Автобус номер 5 доставил на Майдан Неру всех мальчишек автобусной станции. Здесь собралась огромная толпа. В землю были врыты колья, с которых свисали маленькие копии флага партии Конгресса.
В самой середке площади соорудили большой помост, над которым висел огромный портрет усатого мужчины в темных очках, воздевшего перед собой руки – так, точно он благословлял все сущее. Под портретом сидели шестеро мужчин в белых одеждах. Седьмой говорил в микрофон:
– Он хойка, но сидит рядом с премьер-министром Радживом Ганди и дает ему советы! И теперь весь мир видит, что хойка заслуживают доверия, что на них можно положиться, какую бы ложь ни распространяли о нас банты и представители других высших каст!
Спустя недолгое время к микрофону вышел и сам Член Парламента – тот, что был изображен на портрете.
И Брат тут же прошипел:
– Кричите!
Мальчики, стоявшие на задах толпы, набрали в грудь воздуху и завопили:
– Да здравствует герой народа хойка!
Они прокричали это шесть раз, и Брат приказал им умолкнуть.
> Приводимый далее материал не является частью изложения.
(* Boundaried kernelization of size f for TDS[rho] (rho given by its feasibility
   predicate; the value of a solution is its cardinality), as an arbitrary
   function (no running-time requirement). *)
Definition bkernel (rho : graph nat -> {fset nat} -> Prop) (f : nat -> nat)
  (K : bgraph -> {fset nat} -> bgraph * {fset nat} * int) : Prop :=
  forall G s, wf_bgraph G -> rho (bG G) s ->
    let: (G', s', D) := K G s in
    wf_bgraph G' /\ bB G' = bB G /\ rho (bG G') s' /\
    glue_equiv (bB G) G G' /\
    (#|` gV (bG G')| + #|` gE (bG G')|)%N <= f (#|` bB G| + #|` s|)%N /\
    #|` s'| <= f (#|` bB G| + #|` s|)%N /\
    (forall H, wf_bgraph H -> bB H = bB G -> opt_shift G G' H D).

Definition infinitely_many_classes (B : {fset nat}) (P : bgraph -> Prop) : Prop :=
  exists Gs : nat -> bgraph,
    (forall i, wf_bgraph (Gs i) /\ bB (Gs i) = B /\ P (Gs i)) /\
    (forall i j, i <> j -> ~ glue_equiv B (Gs i) (Gs j)).

From mathcomp Require Import all_boot all_order all_algebra.
From mathcomp Require Import finmap zify.
From Stdlib Require Import Relation_Operators.

Set Implicit Arguments.
Unset Strict Implicit.
Unset Printing Implicit Defensive.

Local Open Scope fset_scope.

(* Stars separate the classes.  Glue a star [G] with boundary {x} either to
   the bare vertex x, where G (+) H is again a star and OPT = 0, or to an
   isolated x next to a disjoint star with m + 1 vertices: a remaining tree
   cannot meet both sides, so OPT = min (|V(G)|, m + 1).  The first test fixes
   the shift to 0, the second then recovers |V(G)|, so stars of different
   sizes are inequivalent.  A kernel would have to shrink a star with
   f (1 + |s|) leaves below its own size, contradicting the second test. *)

Section Stars.

Variable T : choiceType.
Implicit Types (G : graph T) (c : T) (S L : {fset T}).

Definition star_at G c : Prop :=
  [/\ c \in gV G, forall v, v \in gV G -> v != c -> adj G c v
    & forall e, e \in gE G -> c \in e].

Lemma adj_sym G u v : adj G u v -> adj G v u.
Proof. by rewrite /adj fsetUC. Qed.

Lemma adj_del G S u v : adj (del G S) u v -> adj G u v.
Proof. by rewrite /adj inE => /andP []. Qed.

Lemma star_at_adj G c u v : star_at G c -> adj G u v -> u = c \/ v = c.
Proof. by move=> [_ _ Hc] /Hc /fset2P [->|->]; [left|right]. Qed.

Lemma star_at_connected G c : star_at G c -> connected G.
Proof.
move=> [_ Hadj _] u v Hu Hv.
have to_c w : w \in gV G -> clos_refl_trans T (adj G) w c.
  move=> Hw; case: (eqVneq w c) => [->|ne]; first exact: rt_refl.
  by apply/rt_step/adj_sym; apply: Hadj.
apply: rt_trans (to_c _ Hu) _; case: (eqVneq v c) => [->|ne]; first exact: rt_refl.
by apply: rt_step; apply: Hadj.
Qed.

(* In a cycle a, b, d, ... the edges ab and bd both contain the center and
   a <> d, so b is the center; but the closing edge into a avoids b. *)
Lemma star_at_acyclic G c : star_at G c -> acyclic G.
Proof.
move=> St [|a [|b [|d t]]] //= Hu _.
apply/negP; rewrite /cycle /= rcons_path /= => /and4P [Hab Hbd _ Hla].
move: Hu => /and4P [Ha Hbn _ _].
have nab : a != b by apply: contraNneq Ha => ->; rewrite inE eqxx.
have nad : a != d by apply: contraNneq Ha => ->; rewrite !inE eqxx orbT.
have Hb : b = c.
  have [Ea|//] := star_at_adj St Hab.
  have [//|Ed] := star_at_adj St Hbd.
  by move: nad; rewrite Ea Ed eqxx.
have [Hl|Ea] := star_at_adj St Hla.
- by move: Hbn; rewrite Hb -Hl mem_last.
- by move: nab; rewrite Hb Ea eqxx.
Qed.

Lemma star_at_is_tree G c : star_at G c -> is_tree G.
Proof.
move=> St; have [Hc _ _] := St; split; last first.
  by split; [apply: star_at_connected St | apply: star_at_acyclic St].
by apply/eqP => E; move: Hc; rewrite E inE.
Qed.

Lemma star_at_del G c S : star_at G c -> c \notin S -> star_at (del G S) c.
Proof.
move=> [Hc Hadj He] cS; split => /=.
- by rewrite inE cS.
- move=> v; rewrite inE => /andP [vS vV] vc.
  rewrite /adj /= inE; apply/andP; split; first exact: Hadj.
  apply/eqP/fsetP => z; rewrite !inE.
  by apply/negbTE/andP => -[/orP [] /eqP -> ]; rewrite (negbTE cS, negbTE vS).
- by move=> e; rewrite inE => /andP [/He].
Qed.

Lemma star_at_del_center_edgeless G c : star_at G c -> edgeless (del G [fset c]).
Proof.
move=> [_ _ He]; apply/fsetP => e; rewrite !inE; apply/negbTE/andP => -[/He ce].
by move/eqP/fsetP/(_ c); rewrite !inE ce eqxx.
Qed.

Definition star_graph c L : graph T := Graph (c |` L) [fset [fset c; l] | l in L].

Lemma star_graph_star_at c L : star_at (star_graph c L) c.
Proof.
split => /=.
- by rewrite !inE eqxx.
- move=> v; rewrite !inE => /orP [/eqP ->|Hv]; first by rewrite eqxx.
  by move=> _; apply/imfsetP; exists v.
- by move=> e /imfsetP [l _ ->]; rewrite !inE eqxx.
Qed.

Lemma wf_star_graph c L : c \notin L -> wf_graph (star_graph c L).
Proof.
move=> cL e /imfsetP [l /= Hl ->]; split.
  by apply/fsubsetP => z /fset2P [] ->; rewrite !inE ?eqxx ?Hl ?orbT.
rewrite cardfsU1 cardfs1 inE; case: eqVneq => // E.
by move: cL; rewrite E Hl.
Qed.

Lemma card_star_graph c L : c \notin L -> #|` gV (star_graph c L)| = (#|` L|).+1.
Proof. by move=> cL; rewrite /= cardfsU1 cL. Qed.

End Stars.

Lemma is_opt_tds_uniq (T : choiceType) (G : graph T) k k' :
  is_opt_tds G k -> is_opt_tds G k' -> k = k'.
Proof.
move=> [[S [HS <-]] Hmin] [[S' [HS' <-]] Hmin'].
by apply/eqP; rewrite eqn_leq Hmin // Hmin'.
Qed.

(* [locked] keeps the enumeration from unfolding under [/=]. *)
Definition fset_iota (a n : nat) : {fset nat} := locked [fset k in iota a n].

Lemma fset_iotaP a n k : (k \in fset_iota a n) = (a <= k < a + n).
Proof. by rewrite /fset_iota -lock in_fset /= mem_iota. Qed.

Lemma card_fset_iota a n : #|` fset_iota a n| = n.
Proof. by rewrite /fset_iota -lock card_fseq undup_id ?iota_uniq // size_iota. Qed.

Lemma pred_notin_fset_iota a n : a \notin fset_iota a.+1 n.
Proof. by rewrite fset_iotaP ltnn. Qed.

Section Gluing.

Variable B : {fset nat}.
Implicit Types (G H : bgraph) (s : bool).

Notation tag := (glue_tag B).

Lemma glue_tag_inj s : injective (tag s).
Proof.
by move=> v w; rewrite /glue_tag; case: (v \in B); case: (w \in B) => // [[]] // [].
Qed.

Lemma glue_tag_boundary s v : v \in B -> tag s v = inl v.
Proof. by rewrite /glue_tag => ->. Qed.

Lemma glue_tag_private s v : v \notin B -> tag s v = inr (s, v).
Proof. by rewrite /glue_tag => /negbTE ->. Qed.

Lemma glue_tag_sides v w : tag false v = tag true w -> v = w /\ v \in B.
Proof. by rewrite /glue_tag; case: ifP; case: ifP => // vB _ [->]. Qed.

Lemma card_glue_tag s (A : {fset nat}) : #|` [fset tag s v | v in A]| = #|` A|.
Proof. by apply/eqP/card_in_imfsetP => a b _ _; apply: glue_tag_inj. Qed.

Lemma glueE G H : bB G = B -> bB H = B ->
  glue G H = Graph
    ([fset tag false v | v in gV (bG G)] `|` [fset tag true v | v in gV (bG H)])
    ([fset [fset tag false v | v in (e : {fset nat})] | e in gE (bG G)] `|`
     [fset [fset tag true v | v in (e : {fset nat})] | e in gE (bG H)]).
Proof. by move=> GB HB; rewrite /glue GB HB fsetIid. Qed.

Definition right_private (v : nat + (bool * nat)) : bool :=
  if v is inr (s, _) then s else false.

Lemma right_private_left v : right_private (tag false v) = false.
Proof. by rewrite /glue_tag; case: ifP. Qed.

Section DetachedRight.

Variables G H : bgraph.
Hypotheses (GB : bB G = B) (HB : bB H = B).
Hypothesis H_avoids_B : forall e, e \in gE (bG H) -> e `&` B = fset0.

Lemma adj_glue_right_private u v :
  adj (glue G H) u v -> right_private u = right_private v.
Proof.
rewrite /adj glueE //.
have [uin vin] : u \in [fset u; v] /\ v \in [fset u; v] by rewrite !inE !eqxx orbT.
move: uin vin; move: [fset u; v] => e uin vin.
rewrite inE => /orP [] /imfsetP [e0 /= He0 Ee]; subst e.
- by move: uin vin => /imfsetP [w1 _ ->] /imfsetP [w2 _ ->]; rewrite !right_private_left.
- have notB w : w \in e0 -> w \notin B.
    move=> w0; apply: contra_eqN (H_avoids_B He0) => wB.
    by apply/fset0Pn; exists w; rewrite inE w0.
  move: uin vin => /imfsetP [w1 /= /notB n1 ->] /imfsetP [w2 /= /notB n2 ->].
  by rewrite !glue_tag_private.
Qed.

(* No edge of [H] meets the boundary, so a connected remainder lies entirely
   on one side: a tree deletion set must swallow all of [G] or of [H - B]. *)
Lemma glue_tds_card_lb S : tds_feasible (glue G H) S ->
  #|` gV (bG G)| <= #|` S| \/ #|` gV (bG H) `\` B| <= #|` S|.
Proof.
move=> [_ [_ [conn _]]].
have side_const a b : clos_refl_trans _ (adj (del (glue G H) S)) a b ->
    right_private a = right_private b.
  elim=> [u v /adj_del /adj_glue_right_private //| // | u v w _ -> _ ->] //.
have [GS|] := boolP ([fset tag false v | v in gV (bG G)] `<=` S).
  by left; rewrite -(card_glue_tag false); apply: fsubset_leq_card.
move=> /fsubsetPn [u /imfsetP [w /= Hw ->] uS]; right.
rewrite -(card_glue_tag true); apply: fsubset_leq_card.
apply/fsubsetP => _ /imfsetP [w' /= /[!inE] /andP [w'B Hw'] ->].
apply/negPn/negP => w'S.
have uV : tag false w \in gV (del (glue G H) S).
  by rewrite glueE //= !inE uS in_imfset.
have w'V : tag true w' \in gV (del (glue G H) S).
  by rewrite glueE //= !inE w'S [X in _ || X]in_imfset ?orbT.
have := side_const _ _ (conn _ _ uV w'V).
by rewrite right_private_left glue_tag_private.
Qed.

End DetachedRight.

(* Deleting all of [G] from the gluing leaves a copy of [H - B]. *)
Lemma glue_del_left_star_at G H c : wf_bgraph G -> bB G = B -> bB H = B ->
  star_at (del (bG H) B) c ->
  star_at (del (glue G H) [fset tag false v | v in gV (bG G)]) (tag true c).
Proof.
move=> [WE WB] GB HB [Hc Hadj He].
set S := [fset tag false v | v in gV (bG G)].
have tag_right_in_S v : (tag true v \in S) = (v \in B).
  apply/imfsetP/idP => [[w _ /esym/glue_tag_sides [-> //]] | vB].
  by exists v; [apply: (fsubsetP WB); rewrite GB | rewrite !glue_tag_boundary].
move: Hc; rewrite /= !inE => /andP [cB cH].
rewrite glueE //; split => /=.
- by rewrite !inE tag_right_in_S cB /= [X in _ || X]in_imfset ?orbT.
- move=> v; rewrite !inE => /andP [vS /orP [vG|]]; first by rewrite vG in vS.
  move=> /imfsetP [w /= Hw Ev] vc; rewrite {}Ev tag_right_in_S in vS vc *.
  have wc : w != c by apply: contraNneq vc => ->.
  have : adj (del (bG H) B) c w by apply: Hadj; rewrite // inE vS.
  rewrite /adj inE => /andP [cwE cwB].
  rewrite /adj /= inE -imfset_fset2; apply/andP; split.
    by apply/fsetUP; right; apply: in_imfset.
  apply/eqP/fsetP => z; rewrite imfset_fset2 !inE.
  apply/negbTE/andP => -[/orP [] /eqP -> ].
  + by rewrite tag_right_in_S (negbTE cB).
  + by rewrite tag_right_in_S (negbTE vS).
- move=> e; rewrite !inE => /andP [/orP [] /imfsetP [e0 /= He0 ->] /eqP/fsetP disj].
  + have [sub card2] := WE _ He0.
    have /fset0Pn [w we0] : e0 != fset0 by rewrite -cardfs_eq0 card2.
    move: (disj (tag false w)); rewrite !inE in_imfset //= in_imfset //=.
    exact: (fsubsetP sub).
  + have e0B : e0 `&` B == fset0.
      apply/eqP/fsetP => w; rewrite !inE; apply/negbTE/andP => -[we0 wB].
      by move: (disj (tag true w)); rewrite !inE tag_right_in_S wB in_imfset.
    have /He ce0 : e0 \in gE (del (bG H) B) by rewrite inE; apply/andP.
    exact: in_imfset.
Qed.

Lemma glue_left_tds_feasible G H c : wf_bgraph G -> bB G = B -> bB H = B ->
  star_at (del (bG H) B) c ->
  tds_feasible (glue G H) [fset tag false v | v in gV (bG G)].
Proof.
move=> WG GB HB Hstar; split; first by rewrite glueE //= fsubsetUl.
exact: star_at_is_tree (glue_del_left_star_at WG GB HB Hstar).
Qed.

Definition boundary_bgraph : bgraph := BGraph (Graph B fset0) B.

Lemma wf_boundary_bgraph : wf_bgraph boundary_bgraph.
Proof. by split => //= e; rewrite inE. Qed.

Lemma glue_boundary_star_at G c : wf_bgraph G -> bB G = B -> star_at (bG G) c ->
  star_at (glue G boundary_bgraph) (tag false c).
Proof.
move=> [_ WB] GB [Hc Hadj He]; rewrite glueE //.
have boundary_left u : u \in [fset tag true v | v in B] ->
    u \in [fset tag false v | v in gV (bG G)].
  move=> /imfsetP [b /= bB ->]; rewrite glue_tag_boundary // -(glue_tag_boundary false bB).
  by apply: in_imfset; apply: (fsubsetP WB); rewrite GB.
split => /=.
- by rewrite inE in_imfset.
- move=> v vV vc.
  have /imfsetP [w /= Hw Ev] : v \in [fset tag false v | v in gV (bG G)].
    by case/fsetUP: vV => // /boundary_left.
  have wc : w != c by apply: contraNneq vc; rewrite Ev => ->.
  by rewrite Ev /adj /= -imfset_fset2 inE in_imfset //=; apply: Hadj.
- move=> e /fsetUP [] /imfsetP [e0 /= He0 ->]; first exact/in_imfset/He.
  by move: He0; rewrite inE.
Qed.

Lemma opt_glue_boundary_star G c : wf_bgraph G -> bB G = B -> star_at (bG G) c ->
  is_opt_tds (glue G boundary_bgraph) 0.
Proof.
move=> WG GB Hstar; split => //; exists fset0; split => //; split; first exact: fsub0set.
apply: (@star_at_is_tree _ _ (tag false c)); apply: star_at_del; last by rewrite inE.
exact: glue_boundary_star_at.
Qed.

End Gluing.

Definition detached_star (x m : nat) : bgraph :=
  BGraph (Graph (x |` gV (star_graph x.+1 (fset_iota x.+2 m)))
                (gE (star_graph x.+1 (fset_iota x.+2 m))))
         [fset x].

Lemma detached_star_edges_avoid x m e :
  e \in gE (bG (detached_star x m)) -> e `&` [fset x] = fset0.
Proof.
move=> /imfsetP [l /=]; rewrite fset_iotaP => /andP [xl _] ->.
by apply/fsetP => z; rewrite !inE; apply/negbTE/andP => -[/orP [] /eqP -> /eqP]; lia.
Qed.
Великий человек выступал целый час:
– У нас будет храм хойка. Что бы ни говорили брамины, чтобы ни говорили богачи, в этом городе будет храм хойка. Со священниками хойка. С богами хойка. И с богинями хойка. С дверьми хойка, с колокольчиками хойка и даже с ковриками у дверей и дверными ручками хойка! А почему? Потому что мы составляем девяносто процентов населения города! У нас есть здесь права!
Брат приказал мальчикам кричать: «Мы девяносто процентов города! Мы девяносто процентов города!» Мальчики заорали, один только Кешава подошел поближе к Брату и прокричал ему в ухо:
– Нас же не девяносто процентов. Это неправда.
– Заткнись и кричи.
По окончании митинга с грузовиков стали раздавать бутылки с вином, и люди побежали, толкаясь, чтобы успеть схватить их.
– Эй, – поманил к себе Кешаву Брат. – Иди сюда, выпей, ты это заслужил.
Брат хлопнул его по спине, другие силой влили в горло Кешавы вино, он закашлялся.
– Наша голосистая звезда!
Когда Кешава вернулся той ночью в проулок, Виттал ожидал его, скрестив на груди руки.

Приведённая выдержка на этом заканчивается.